The Krasnogorsk-3 (Красногорск-3) is a spring-wound 16mm mirror-reflex movie camera designed and manufactured in the USSR by KMZ. A total of 105,435 Krasnogorsk-3 cameras were produced between 1971 and 1993.

It was one of the most popular 16mm movie cameras in Eastern Europe, where it made a prominent appearance in Krzysztof Kieślowski's 1979 film Camera Buff, and continues to enjoy considerable popularity in the West. Director Spike Lee shot parts of his film Get on the Bus with a Krasnogorsk-3.

Technical information 
The Krasnogorsk-3 uses standard  load of 16mm film (single or double-perforation). There is no provision for an external magazine. There are two different lens mounts used on the Krasnogorsk-3: the M42×1 lens mount, and a Russian bayonet mount. The stock lens is the f/1.9 17–69 mm zoom lens Meteor-5-1, considered by many to be a quality optic. The M42 screw-mount allows for the use of widely available lenses from 35 mm still cameras such as Asahi Pentax Takumar lenses. Cameras which have been modified from the original standard 16mm (double-perforartion) to accept Super 16 (single-perforation) film may experience vignetting at the widest zoom setting with stock Meteor lenses.

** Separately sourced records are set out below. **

(* Let $G$ be an abelian group and $B=\bigoplus_{i\in G}B_i$ a $G$-graded integral domain finitely generated as a $k$-algebra, where $k$ is a field of characteristic zero with $k\subseteq B_0$. Let $f$ be a cylindrical element of $B$ and $d=\deg(f)\in G$. Then there exists a nonzero homogeneous locally nilpotent derivation $D:B^{(d)}\to B^{(d)}$ such that $\ker(D)\not\subseteq B_0$ and, for some $n\ge1$, $f^n\in D(B^{(d)})\cap\ker(D)$.
   Context: $B^{(d)}=\bigoplus_{i\in\langle d\rangle}B_i$. For nonzero homogeneous $f$, $B_{(f)}$ is the degree-$0$ subring of $B_f$. A ring is a polynomial ring in one variable if it is a polynomial ring in one variable over some subring (zero ring counts). For a $G$-graded ring $B$, $f$ is cylindrical if it is nonzero and homogeneous, $\deg(f)$ has infinite order in $G$, and $B_{(f)}$ is a polynomial ring in one variable. A derivation is homogeneous if it shifts degrees by a fixed group element; locally nilpotent if every element is killed by some power of it. *)

From HB Require Import structures.
From mathcomp Require Import all_boot all_order all_algebra.
From mathcomp Require Import fraction.
Set Implicit Arguments. Unset Strict Implicit. Unset Printing Implicit Defensive.
Import Order.TTheory GRing.Theory Num.Theory.
Local Open Scope ring_scope.
(* If $n\equiv 2\pmod 4$, then the graph $2Q_{n-1}$ is $\left(\frac{n(2^n+1)}{2}-2^n,\,1\right)$-distance antimagic. If $n\equiv 1\pmod 4$, then $2Q_{n-1}$ is $\left(\frac{(n+1)(2^n+1)}{2}-2^n,\,1\right)$-closed distance antimagic.
   Context: $Q_m$ is the $m$-dimensional hypercube (vertex set $\mathbb{F}_2^m$, adjacency iff differing in exactly one coordinate), and $2Q_{n-1}$ is the disjoint union of two copies of $Q_{n-1}$, a graph of order $2^n$. For a graph $G$ of order $N$, a set of distances $D$, and a bijection $f:V(G)\to\{1,\dots,N\}$, the weight of $x$ is $w(x)=\sum_{y\in N_D(x)}f(y)$ where $N_D(x)$ is the set of vertices at distance in $D$ from $x$. $f$ is an $(\alpha,\delta)$-$D$-antimagic labeling if the weights are pairwise distinct and $\{w(x)\}$ forms an arithmetic progression starting at $\alpha$ with difference $\delta>0$; a graph is $(\alpha,\delta)$-distance antimagic (resp. $(\alpha,\delta)$-closed distance antimagic) if it admits such a labeling with $D=\{1\}$ (resp. $D=\{0,1\}$). *)

From mathcomp Require Import all_boot.
Set Implicit Arguments. Unset Strict Implicit. Unset Printing Implicit Defensive.

Definition hcube_adj (m : nat) (x y : {ffun 'I_m -> bool}) : bool :=
  #|[set i | x i != y i]| == 1.

(* 2Q_m: disjoint union of two copies of Q_m; vertex = (copy index, hypercube vertex). *)
Definition twoQ_vert (m : nat) := (bool * {ffun 'I_m -> bool})%type.
Definition twoQ_adj (m : nat) (u v : twoQ_vert m) : bool :=
  (u.1 == v.1) && hcube_adj u.2 v.2.

(* D-neighbourhoods for D = {1} (open) and D = {0,1} (closed):
   distance 1 = adjacent, distance 0 = equal. *)
Definition open_nbhd (T : finType) (adj : rel T) (x : T) : {set T} :=
  [set y | adj x y].
Definition closed_nbhd (T : finType) (adj : rel T) (x : T) : {set T} :=
  [set y | (y == x) || adj x y].

Definition weight (T : finType) (N : T -> {set T}) (f : T -> nat) (x : T) : nat :=
  \sum_(y in N x) f y.

Definition labeling (T : finType) (f : T -> nat) : Prop :=
  injective f /\ (forall x, 1 <= f x <= #|T|).

Definition ad_antimagic_labeling (T : finType) (N : T -> {set T})
    (alpha delta : nat) (f : T -> nat) : Prop :=
  labeling f /\ 0 < delta /\
  injective (weight N f) /\
  (forall x, exists2 k, k < #|T| & weight N f x = alpha + k * delta).

Definition distance_antimagic (T : finType) (adj : rel T) (alpha delta : nat) : Prop :=
  exists f : T -> nat, ad_antimagic_labeling (open_nbhd adj) alpha delta f.

Definition closed_distance_antimagic (T : finType) (adj : rel T) (alpha delta : nat) : Prop :=
  exists f : T -> nat, ad_antimagic_labeling (closed_nbhd adj) alpha delta f.

From mathcomp Require Import all_boot zify.
Set Implicit Arguments. Unset Strict Implicit. Unset Printing Implicit Defensive.

(* Label v by 1 + [bin (L v)], the integer with binary digits L v, for an
   injective F_2-linear map L : F_2 x F_2^m -> F_2^(m+1). The neighbours of v
   are the v + e_i, so digit j of the sum of the neighbour labels (plus the
   label of v itself, c = 1, for closed neighbourhoods) is
   c z + #{i | z <> (L e_i)_j}, z being digit j of L v. If m + c = 2k + 1 and
   every row of the matrix (L e_i)_i has k or k + 1 ones, this digit is
   k + (z xor [row j has k + 1 ones]). So all weights are one constant plus
   [bin] of a fixed translate of L v, and they form an interval of consecutive
   integers. For even k with 2k <= m, [code] below is such a map. *)

Definition flip_coord m (i : 'I_m) (x : {ffun 'I_m -> bool}) : {ffun 'I_m -> bool} :=
  [ffun j => x j (+) (j == i)].

Definition twoQ_flip m (i : 'I_m) (v : twoQ_vert m) : twoQ_vert m :=
  (v.1, flip_coord i v.2).

Lemma twoQ_adjE m (v y : twoQ_vert m) :
  twoQ_adj v y = (y \in [set twoQ_flip i v | i : 'I_m]).
Proof.
apply/andP/imsetP => [[/eqP e1 /cards1P [i Hi]] | [i _ ->]].
- exists i => //; case: v y e1 Hi => b x [b' y] /= -> Hi; congr pair.
  apply/ffunP => j; rewrite ffunE.
  have /= := congr1 (fun S : {set 'I_m} => j \in S) Hi; rewrite !inE.
  by case: (j == i); case: (x j); case: (y j).
- split=> //=; apply/eqP.
  suff -> : [set j | v.2 j != flip_coord i v.2 j] = [set i] by rewrite cards1.
  by apply/setP => j; rewrite !inE ffunE; case: (v.2 j); case: (j == i).
Qed.

Lemma twoQ_flip_inj m (v : twoQ_vert m) :
  injective (fun i : 'I_m => twoQ_flip i v).
Proof.
move=> i i' /(congr1 (fun w : twoQ_vert m => w.2 i)); rewrite !ffunE eqxx.
by case: eqP => // _; case: (v.2 i).
Qed.

Lemma weight_open_twoQ m (g : twoQ_vert m -> nat) v :
  weight (open_nbhd (@twoQ_adj m)) g v = \sum_(i < m) g (twoQ_flip i v).
Proof.
rewrite /weight /open_nbhd.
rewrite (_ : [set y | _] = [set twoQ_flip i v | i : 'I_m]); last first.
  by apply/setP => y; rewrite inE twoQ_adjE.
by rewrite big_imset //; move=> i j _ _; apply: twoQ_flip_inj.
Qed.

Lemma weight_closed_twoQ m (g : twoQ_vert m -> nat) v :
  weight (closed_nbhd (@twoQ_adj m)) g v = g v + \sum_(i < m) g (twoQ_flip i v).
Proof.
rewrite -weight_open_twoQ /weight /closed_nbhd /open_nbhd.
rewrite (_ : [set y | _] = v |: [set y | twoQ_adj v y]); last first.
  by apply/setP => y; rewrite !inE.
rewrite big_setU1 // inE /twoQ_adj eqxx /hcube_adj.
by rewrite (_ : [set i | _] = set0) ?cards0 //; apply/setP => i; rewrite !inE eqxx.
Qed.

Definition bin N (g : nat -> bool) : nat := \sum_(j < N) g j * 2 ^ j.

Lemma binS N g : bin N.+1 g = g 0 + (bin N (fun j => g j.+1)).*2.
Proof.
rewrite /bin big_ord_recl muln1 -mul2n big_distrr /=; congr (_ + _).
by apply: eq_bigr => j _; rewrite expnS mulnCA.
Qed.

Lemma bin_ltn N g : bin N g < 2 ^ N.
Proof.
elim: N g => [|N IH] g; first by rewrite /bin big_ord0.
by rewrite binS expnS; have := IH (fun j => g j.+1); case: (g 0) => /=; lia.
Qed.

Lemma bin_inj N g h : bin N g = bin N h -> forall j, j < N -> g j = h j.
Proof.
elim: N g h => [|N IH] g h //; rewrite !binS => E.
have E0 : g 0 = h 0 by move: E; case: (g 0); case: (h 0) => //=; lia.
move: E; rewrite E0 => /addnI /double_inj /IH E1 [|j] //; exact: E1.
Qed.

Lemma sum_exp2 N : \sum_(j < N) 2 ^ j = 2 ^ N - 1.
Proof.
elim: N => [|N IH]; first by rewrite big_ord0.
by rewrite big_ord_recr /= IH expnS; have := expn_gt0 2 N; lia.
Qed.

Lemma sum_bits_leq N (p : 'I_N -> bool) : \sum_(i < N) (p i : nat) <= N.
Proof. by rewrite -[leqRHS]card_ord -sum1_card leq_sum // => i _; case: (p i). Qed.

Lemma sum_addb N (z : bool) (p : 'I_N -> bool) :
  \sum_(i < N) (z (+) p i : nat) =
    if z then N - \sum_(i < N) p i else \sum_(i < N) p i.
Proof.
case: z => //.
have : \sum_(i < N) (true (+) p i : nat) + \sum_(i < N) (p i : nat) = N.
  rewrite -big_split /= -[RHS]card_ord -sum1_card.
  by apply: eq_bigr => i _; case: (p i).
lia.
Qed.

Lemma sum_flip N (p : nat -> bool) i : i < N ->
  \sum_(j < N) (p j (+) (j == i :> nat) : nat) + p i = \sum_(j < N) p j + ~~ p i.
Proof.
move=> iN; rewrite (bigD1 (Ordinal iN)) // [in RHS](bigD1 (Ordinal iN)) //= eqxx.
rewrite (eq_bigr (fun j : 'I_N => p j : nat)); last first.
  by move=> j /negbTE ji; rewrite -val_eqE /= in ji; rewrite ji addbF.
by case: (p i) => /=; lia.
Qed.

Lemma sum_ltn N a : \sum_(j < N) (j < a : nat) = minn a N.
Proof.
elim: N => [|N IH]; first by rewrite big_ord0 minn0.
by rewrite big_ord_recr /= IH; case: (ltnP N a) => H /=; clear IH; lia.
Qed.

Definition parity N (g : nat -> bool) : bool := odd (\sum_(j < N) g j).

Lemma parity_flip N g i :
  parity N (fun j => g j (+) (j == i :> nat)) = parity N g (+) (i < N).
Proof.
rewrite /parity; case: (ltnP i N) => [iN|Ni].
  move: (congr1 odd (sum_flip g iN)); rewrite !oddD.
  by case: (g i); case: (odd (\sum_(j < N) g j)); case: (odd _).
rewrite addbF; congr odd; apply: eq_bigr => j _.
rewrite (_ : j == i :> nat = false) ?addbF //.
by apply/negbTE; rewrite neq_ltn (leq_trans _ Ni).
Qed.

Lemma parity_addb N g b :
  parity N (fun j => g j (+) b) = parity N g (+) (odd N && b).
Proof.
rewrite /parity (eq_bigr (fun j : 'I_N => b (+) g j : nat)); last first.
  by move=> j _; rewrite addbC.
rewrite sum_addb; case: b; rewrite ?andbF ?addbF ?andbT //.
by rewrite oddB ?sum_bits_leq // addbC.
Qed.

Section BalancedCode.

Variables (m c k : nat) (Z : twoQ_vert m -> nat -> bool) (S : nat -> 'I_m -> bool).
Hypothesis mcE : m + c = k.*2.+1.
Hypothesis c_le1 : c <= 1.
Hypothesis Z_inj : forall u v, (forall j, j < m.+1 -> Z u j = Z v j) -> u = v.
Hypothesis Z_flip : forall v i j, Z (twoQ_flip i v) j = Z v j (+) S j i.
Hypothesis S_balanced : forall j, j < m.+1 -> k <= \sum_(i < m) S j i <= k.+1.

Let heavy j := \sum_(i < m) S j i == k.+1.

Lemma balanced_bit_sum j (z : bool) : j < m.+1 ->
  c * z + \sum_(i < m) (z (+) S j i : nat) = k + (z (+) heavy j).
Proof.
move=> /S_balanced; rewrite /heavy sum_addb.
have := sum_bits_leq (S j).
move: (\sum_(i < m) _) => s sm /andP[ks sk].
case: z; case: eqP => /=; lia.
Qed.

Lemma flip_label_sum v :
  c * (bin m.+1 (Z v)).+1 + \sum_(i < m) (bin m.+1 (Z (twoQ_flip i v))).+1 =
  m + c + k * (2 ^ m.+1 - 1) + bin m.+1 (fun j => Z v j (+) heavy j).
Proof.
have flips : \sum_(i < m) bin m.+1 (Z (twoQ_flip i v)) =
    \sum_(j < m.+1) (\sum_(i < m) (Z v j (+) S j i : nat)) * 2 ^ j.
  rewrite /bin exchange_big /=; apply: eq_bigr => j _.
  by rewrite big_distrl /=; apply: eq_bigr => i _; rewrite Z_flip.
have bits : c * bin m.+1 (Z v) + \sum_(i < m) bin m.+1 (Z (twoQ_flip i v)) =
    k * (2 ^ m.+1 - 1) + bin m.+1 (fun j => Z v j (+) heavy j).
  rewrite flips /bin -sum_exp2 !big_distrr -!big_split.
  by apply: eq_bigr => j _ /=; rewrite mulnA -mulnDl balanced_bit_sum // mulnDl.
have succs : \sum_(i < m) (bin m.+1 (Z (twoQ_flip i v))).+1 =
    \sum_(i < m) bin m.+1 (Z (twoQ_flip i v)) + m.
  by under eq_bigr do rewrite -addn1; rewrite big_split /= sum1_card card_ord.
by rewrite succs mulnS; lia.
Qed.

Lemma balanced_antimagic (N : twoQ_vert m -> {set twoQ_vert m}) :
  (forall (g : twoQ_vert m -> nat) v,
     weight N g v = c * g v + \sum_(i < m) g (twoQ_flip i v)) ->
  ad_antimagic_labeling N (m + c + k * (2 ^ m.+1 - 1)) 1
    (fun v => (bin m.+1 (Z v)).+1).
Proof.
move=> weightE.
have card_V : #|{: bool * {ffun 'I_m -> bool}}| = 2 ^ m.+1.
  by rewrite card_prod card_bool card_ffun card_bool card_ord expnS.
have wE v : weight N (fun v => (bin m.+1 (Z v)).+1) v =
    m + c + k * (2 ^ m.+1 - 1) + bin m.+1 (fun j => Z v j (+) heavy j).
  by rewrite weightE flip_label_sum.
split; [split | split => //; split].
- by move=> u v [/bin_inj Zuv]; apply: Z_inj.
- by move=> v; rewrite card_V bin_ltn.
- move=> u v; rewrite !wE => /addnI /bin_inj Zuv.
  by apply: Z_inj => j /Zuv /addIb.
- move=> v; rewrite card_V wE.
  by exists (bin m.+1 (fun j => Z v j (+) heavy j)); rewrite ?bin_ltn ?muln1.
Qed.

End BalancedCode.

Definition nbit m (x : {ffun 'I_m -> bool}) (j : nat) : bool :=
  if insub j is Some i then x i else false.

Lemma nbit_ord m (x : {ffun 'I_m -> bool}) (i : 'I_m) : nbit x i = x i.
Proof. by rewrite /nbit valK. Qed.

Lemma nbit_out m (x : {ffun 'I_m -> bool}) j : m <= j -> nbit x j = false.
Proof. by move=> mj; rewrite /nbit insubN // -leqNgt. Qed.

Lemma nbit_flip m (x : {ffun 'I_m -> bool}) (i : 'I_m) j :
  nbit (flip_coord i x) j = nbit x j (+) (j == i :> nat).
Proof.
case: (ltnP j m) => [jm | mj]; last first.
  rewrite !nbit_out // (_ : j == i :> nat = false) //.
  by apply/negbTE; rewrite neq_ltn (leq_trans (ltn_ord i) mj) orbT.
by rewrite -[j]/(val (Ordinal jm)) !nbit_ord ffunE.
Qed.

Lemma parity_nbit_flip m (x : {ffun 'I_m -> bool}) (i : 'I_m) N :
  parity N (nbit (flip_coord i x)) = parity N (nbit x) (+) (i < N).
Proof.
rewrite -parity_flip /parity; congr odd.
by apply: eq_bigr => j _; rewrite nbit_flip.
Qed.

Section Code.

Variables m k : nat.
Hypothesis k_even : ~~ odd k.
Hypothesis k2_le_m : k.*2 <= m.

(* Since k is even, rows 0, ..., k of [code v] sum to v.1 ([parity_code]);
   this is what makes [code] injective. *)
Definition code (v : twoQ_vert m) (j : nat) : bool :=
  if j == m then v.1 (+) parity k.+1 (nbit v.2)
  else if j <= k then nbit v.2 j (+) (v.1 (+) parity k.+1 (nbit v.2))
  else nbit v.2 j (+) parity k (nbit v.2).

Definition code_col (j : nat) (i : 'I_m) : bool :=
  if j == m then i < k.+1
  else if j <= k then (i < k.+1) (+) (i == j :> nat)
  else (i < k) (+) (i == j :> nat).

Lemma code_flip v i j : code (twoQ_flip i v) j = code v j (+) code_col j i.
Proof.
rewrite /code /code_col /= !parity_nbit_flip nbit_flip (eq_sym (val i)).
case: (j == m); case: (j <= k);
  by case: (nbit v.2 j) (parity k.+1 (nbit v.2)) (parity k (nbit v.2)) v.1
    (j == i :> nat) (i < k.+1) (i < k) => [] [] [] [] [] [] [].
Qed.

Lemma code_col_balanced j : j < m.+1 ->
  k <= \sum_(i < m) code_col j i <= k.+1.
Proof.
rewrite /code_col ltnS leq_eqVlt => /orP[/eqP -> | jm].
  by rewrite eqxx sum_ltn; lia.
rewrite ltn_eqF //; case: (leqP j k) => jk.
  by have := sum_flip (fun i => i < k.+1) jm; rewrite sum_ltn /= ltnS jk; lia.
by have := sum_flip (fun i => i < k) jm; rewrite sum_ltn /= ltnNge (ltnW jk); lia.
Qed.

Lemma code_low v j : j <= k ->
  code v j = nbit v.2 j (+) (v.1 (+) parity k.+1 (nbit v.2)).
Proof.
rewrite /code => ->; case: eqP => // ->.
by rewrite nbit_out.
Qed.

Lemma parity_code v : parity k.+1 (code v) = v.1.
Proof.
have -> : parity k.+1 (code v) =
    parity k.+1 (fun j => nbit v.2 j (+) (v.1 (+) parity k.+1 (nbit v.2))).
  by rewrite /parity; congr odd; apply: eq_bigr => j _; rewrite code_low // -ltnS.
rewrite parity_addb /= k_even /=.
by case: (v.1); case: (parity _ _).
Qed.

Lemma code_inj u v : (forall j, j < m.+1 -> code u j = code v j) -> u = v.
Proof.
move=> codeE.
have low_codeE j : j <= k -> code u j = code v j.
  by move=> jk; apply: codeE; lia.
have E1 : u.1 = v.1.
  rewrite -parity_code -[RHS]parity_code /parity; congr odd; apply: eq_bigr => j _.
  by rewrite low_codeE // -ltnS.
have EP : parity k.+1 (nbit u.2) = parity k.+1 (nbit v.2).
  by move: (codeE m (ltnSn m)); rewrite /code eqxx E1 => /addbI.
have Elow j : j <= k -> nbit u.2 j = nbit v.2 j.
  by move=> jk; move: (low_codeE j jk); rewrite !code_low // E1 EP => /addIb.
have EP' : parity k (nbit u.2) = parity k (nbit v.2).
  by rewrite /parity; congr odd; apply: eq_bigr => j _; rewrite Elow // ltnW.
have E2 : u.2 = v.2.
  apply/ffunP => i; rewrite -!nbit_ord; case: (leqP i k) => ik; first exact: Elow.
  move: (codeE i (ltnW (ltn_ord i))).
  by rewrite /code (ltn_eqF (ltn_ord i)) leqNgt ik /= EP' => /addIb.
by case: u v {codeE low_codeE EP Elow EP'} E1 E2 => [b x] [b' y] /= -> ->.
Qed.

End Code.

Lemma antimagic_twoQ m c k (N : twoQ_vert m -> {set twoQ_vert m}) :
  ~~ odd k -> m + c = k.*2.+1 -> c <= 1 ->
  (forall (g : twoQ_vert m -> nat) v,
     weight N g v = c * g v + \sum_(i < m) g (twoQ_flip i v)) ->
  exists f, ad_antimagic_labeling N
    (((m.+1 + c) * (2 ^ m.+1 + 1)) %/ 2 - 2 ^ m.+1) 1 f.
Proof.
move=> k_even mcE c_le1 weightE.
have k2_le_m : k.*2 <= m by lia.
have -> : ((m.+1 + c) * (2 ^ m.+1 + 1)) %/ 2 - 2 ^ m.+1 = m + c + k * (2 ^ m.+1 - 1).
  have := expn_gt0 2 m.+1; move: (2 ^ m.+1) => P P_gt0.
  rewrite (_ : m.+1 + c = 2 * k.+1) -?mulnA ?mulKn //; nia.
exists (fun v => (bin m.+1 (code k v)).+1).
apply: (balanced_antimagic mcE c_le1 (code_inj k_even k2_le_m) (@code_flip m k)) => //.
exact: code_col_balanced.
Qed.

Theorem theorem3p11 (n : nat) :
  (n %% 4 = 2 ->
     distance_antimagic (@twoQ_adj n.-1)
       ((n * (2 ^ n + 1)) %/ 2 - 2 ^ n) 1) /\
  (n %% 4 = 1 ->
     closed_distance_antimagic (@twoQ_adj n.-1)
       (((n + 1) * (2 ^ n + 1)) %/ 2 - 2 ^ n) 1).
Proof.
have k_even q : ~~ odd (2 * q) by rewrite mul2n odd_double.
have n_def := divn_eq n 4; set q := n %/ 4 in n_def.
split=> n_mod4.
- have -> : n = (4 * q + 1).+1 by lia.
  have := @antimagic_twoQ (4 * q + 1) 0 (2 * q) (open_nbhd (@twoQ_adj _)) (k_even q).
  rewrite [(4 * q + 1).+1 + 0]addn0; apply=> // [|g v]; first lia.
  by rewrite weight_open_twoQ.
- have -> : n = (4 * q).+1 by lia.
  apply: (@antimagic_twoQ _ 1 (2 * q)) => // [|g v]; first lia.
  by rewrite weight_closed_twoQ mul1n.
Qed.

The camera has a single pulldown claw and no registration pin. At 24 frame/s, the Krasnogorsk-3 will run for about 25 seconds on a full wind. Film speed is adjustable from 8 frame/s to 48 frame/s; however, many cameras are capable of functioning at higher frame rates (upwards of 60 fps) if the adjusting dial is turned beyond the 48 fps indicating mark. A single-frame release at the back of the Krasnogorsk-3 allows for animation and other single-frame applications.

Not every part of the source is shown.